With this setup, homeowners can stay online during disruptions, keep their fridge running, charge their phone, and even drive to get food or reach work.

The same applies to commercial and industrial (C&I) sites. A logistics depot equipped with rooftop solar, a battery storage system, and electric trucks becomes self-sufficient and disruption-resistant.

Agriculture, too, has untapped potential. Farmland offers space for moderate-scale solar, and the sunny season aligns well with crop cycles. Pair that with electric tractors, drones, and irrigation systems, and you get not only local food production, but also locally generated energy.

It's becomes clear: Resilience starts small, spreads wide, and scales fast. Distributed systems are harder to attack, quicker to deploy, and make up the backbone of a defendable, modern energy grid.

Conclusion: Energy Independence is Europe’s New Frontline

The lessons from China are clear and urgent. While Europe debates, China builds. While we worry about margins, they invest in scale, automation, and world-class R&D. And while we talk about sovereignty, they’re executing on it.

The energy transition is no longer just about climate. It’s about control, resilience, and freedom from coercion. Relying on fossil fuels leaves us exposed – strategically, economically, and morally. Every euro spent on oil and gas strengthens regimes we can’t trust. Every delay in deploying renewables increases our vulnerability.

We don’t need to build everything from scratch. We do need to move faster, install smarter, and own what matters: the systems, the software, and the grid intelligence.

Distributed renewables give us a once-in-a-generation opportunity to regain control – not just of energy, but of our future.

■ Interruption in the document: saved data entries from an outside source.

(* Let $\widehat{\mathcal T}^{bin}_{pl}$ be the completion (formal infinite sums, graded by number of internal vertices) of the linear span over a field $k$ of characteristic zero of planar binary trees, with the associative product $*$ described in the context, and let $\tau_l^{(n)}$ be the left comb with $n$ internal vertices. Put $X:=|+\sum_{n\ge1}\tau_l^{(n)}$. Then $$\log^*(X)=\sum_{n>0}\frac1n\sum_{t\ \text{planar binary},\ |t|=n}\frac{(-1)^{d(t)}}{\binom{n-1}{d(t)}}\,t,$$ where $|t|$ is the number of internal vertices of $t$ and $d(t)$ its number of descents.
   Context: A planar binary tree is a finite planar rooted tree in which every internal vertex has exactly two incoming edges (a left one and a right one) and one outgoing edge; leaves are the external incoming edges, and there is one root edge. The tree with no internal vertex is the single edge $|$. For planar binary trees $t_1,t_2$, $t_1\vee t_2$ is the tree obtained by grafting $t_1$ and $t_2$ as left and right subtrees on a new root vertex; every tree $t\ne|$ decomposes uniquely as $t=t_1\vee t_2$. Extend $\vee$ bilinearly. The product $*$ is the bilinear product defined recursively by $|*t=t*|=t$ and, for $s=s_1\vee s_2$, $t=t_1\vee t_2$, $s*t=s_1\vee(s_2*t)+(s*t_1)\vee t_2$; it is associative with unit $|$ and additive in the number of internal vertices, so it extends to the completion. Left combs: $\tau_l^{(0)}=|$, $\tau_l^{(n+1)}=\tau_l^{(n)}\vee|$. For $L$ with no degree-$0$ component, $\log^*(|+L):=\sum_{k\ge1}\frac{(-1)^{k+1}}{k}L^{*k}$. A leaf of a planar binary tree is a descent if it is not the leftmost leaf and it points to the left, i.e. it is the left incoming edge of its internal vertex. *)

From HB Require Import structures.
From mathcomp Require Import all_boot all_order all_algebra.
Set Implicit Arguments. Unset Strict Implicit. Unset Printing Implicit Defensive.
Import Order.TTheory GRing.Theory Num.Theory.
(* Let $y\in\mathbb{R}^n$, $F\in\mathbb{R}^n$, $Z\in\mathbb{R}^{n\times m}$, and let $\theta=(\theta_1,\dots,\theta_q)^T$ with $\theta_1=\sigma^2>0$, where $\Sigma=\Sigma(\theta_2,\dots,\theta_q)\in\mathbb{R}^{m\times m}$ is a covariance matrix depending differentiably on $\theta_2,\dots,\theta_q$ (and not on $\sigma^2$). Put $C=Z\Sigma Z^T+\sigma^2I_n$. For each $i=1,\dots,n$ let $N(i)\subseteq\{1,\dots,i-1\}$ be a conditioning set, and define $$A_i=\left(Z\Sigma Z^T\right)_{i,N(i)}\left(C_{N(i)}\right)^{-1}\in\mathbb{R}^{1\times|N(i)|},\qquad D_i=C_{i,i}-A_i\left(Z\Sigma Z^T\right)_{N(i),i}.$$ Let $B$ be the $n\times n$ lower triangular matrix with ones on the diagonal, $(B)_{i,N(i)}=-A_i$, and zeros elsewhere, and let $D=\mathrm{diag}(D_1,\dots,D_n)$. Let $$\tilde L(y,F,\theta)=\frac12(y-F)^TB^TD^{-1}B(y-F)+\frac12\sum_{i=1}^n\log D_i+\frac n2\log(2\pi)$$ be the negative log-likelihood of $y\sim\mathcal{N}(F,B^{-1}DB^{-T})$. Then for $1\le k\le q$, $$\frac{\partial \tilde L(y,F,\theta)}{\partial\theta_k}=\frac12\left(2u_k^Tu-u^T\frac{\partial D}{\partial\theta_k}u\right)+\frac12\sum_{i=1}^n\frac1{D_i}\frac{\partial D_i}{\partial\theta_k},$$ where $u=D^{-1}B(y-F)$, $u_k=\frac{\partial B}{\partial\theta_k}(y-F)$, and $\frac{\partial B}{\partial\theta_k}$ is lower triangular and $\frac{\partial D}{\partial\theta_k}$ diagonal, with non-zero entries given, for $1<k\le q$, by $$\left(\frac{\partial B}{\partial\theta_k}\right)_{i,N(i)}=-\frac{\partial A_i}{\partial\theta_k}=-\left(Z\frac{\partial\Sigma}{\partial\theta_k}Z^T\right)_{i,N(i)}\left(C_{N(i)}\right)^{-1}+\left(Z\Sigma Z^T\right)_{i,N(i)}\left(C_{N(i)}\right)^{-1}\left(Z\frac{\partial\Sigma}{\partial\theta_k}Z^T\right)_{N(i)}\left(C_{N(i)}\right)^{-1},$$ $$\frac{\partial D_i}{\partial\theta_k}=\left(Z\frac{\partial\Sigma}{\partial\theta_k}Z^T\right)_{i,i}-\frac{\partial A_i}{\partial\theta_k}\left(Z\Sigma Z^T\right)_{N(i),i}-A_i\left(Z\frac{\partial\Sigma}{\partial\theta_k}Z^T\right)_{N(i),i},$$ and, for $k=1$ (i.e. $\theta_1=\sigma^2$), by $$\left(\frac{\partial B}{\partial\sigma^2}\right)_{i,N(i)}=\left(Z\Sigma Z^T\right)_{i,N(i)}\left(C_{N(i)}\right)^{-2},\qquad \frac{\partial D_i}{\partial\sigma^2}=1-\frac{\partial A_i}{\partial\sigma^2}\left(Z\Sigma Z^T\right)_{N(i),i}.$$
   Context: For a matrix $M$ and index set $N(i)$, $M_{i,N(i)}$ denotes the submatrix with row $i$ and columns $N(i)$, $M_{N(i),i}$ the submatrix with rows $N(i)$ and column $i$, and $M_{N(i)}$ the submatrix with rows and columns $N(i)$. The matrices $B,D$ define the Vecchia approximation $y\approx\mathcal{N}(F,B^{-1}DB^{-T})$ of the Gaussian model $y=F+Zb+\epsilon$, $b\sim\mathcal{N}(0,\Sigma)$, $\epsilon\sim\mathcal{N}(0,\sigma^2I_n)$, obtained by replacing $p(y_i\mid y_1,\dots,y_{i-1})$ by $p(y_i\mid y_{N(i)})$ (in the paper $N(i)$ are nearest-neighbor sets, e.g. the indices of the nearest neighbors of location $s_i$ among $s_1,\dots,s_{i-1}$). Derivatives with respect to $\sigma^2$ are taken with $\Sigma$ held fixed. *)

From HB Require Import structures.
From mathcomp Require Import all_boot all_order all_algebra.
From mathcomp Require Import all_classical all_reals all_analysis.
Set Implicit Arguments. Unset Strict Implicit. Unset Printing Implicit Defensive.
Import Order.TTheory GRing.Theory Num.Theory.
Import numFieldNormedType.Exports.
Local Open Scope ring_scope.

Decade Energy’s Contribution

Decade Energy’s job is to develop, install, finance, own, and manage all the new hardware of the “Depot of the Future.” In parallel, we develop the software integrating all the data streams to achieve an optimal cost of electricity.

We start with enhancing the grid connection to the depots and installing battery storage in the service of logistics companies and real estate owners. Short term, we secure the grid with grid services. When the e-trucks come at scale, the logistics companies and depots will then be prepared with renewable energy supply at scale, too.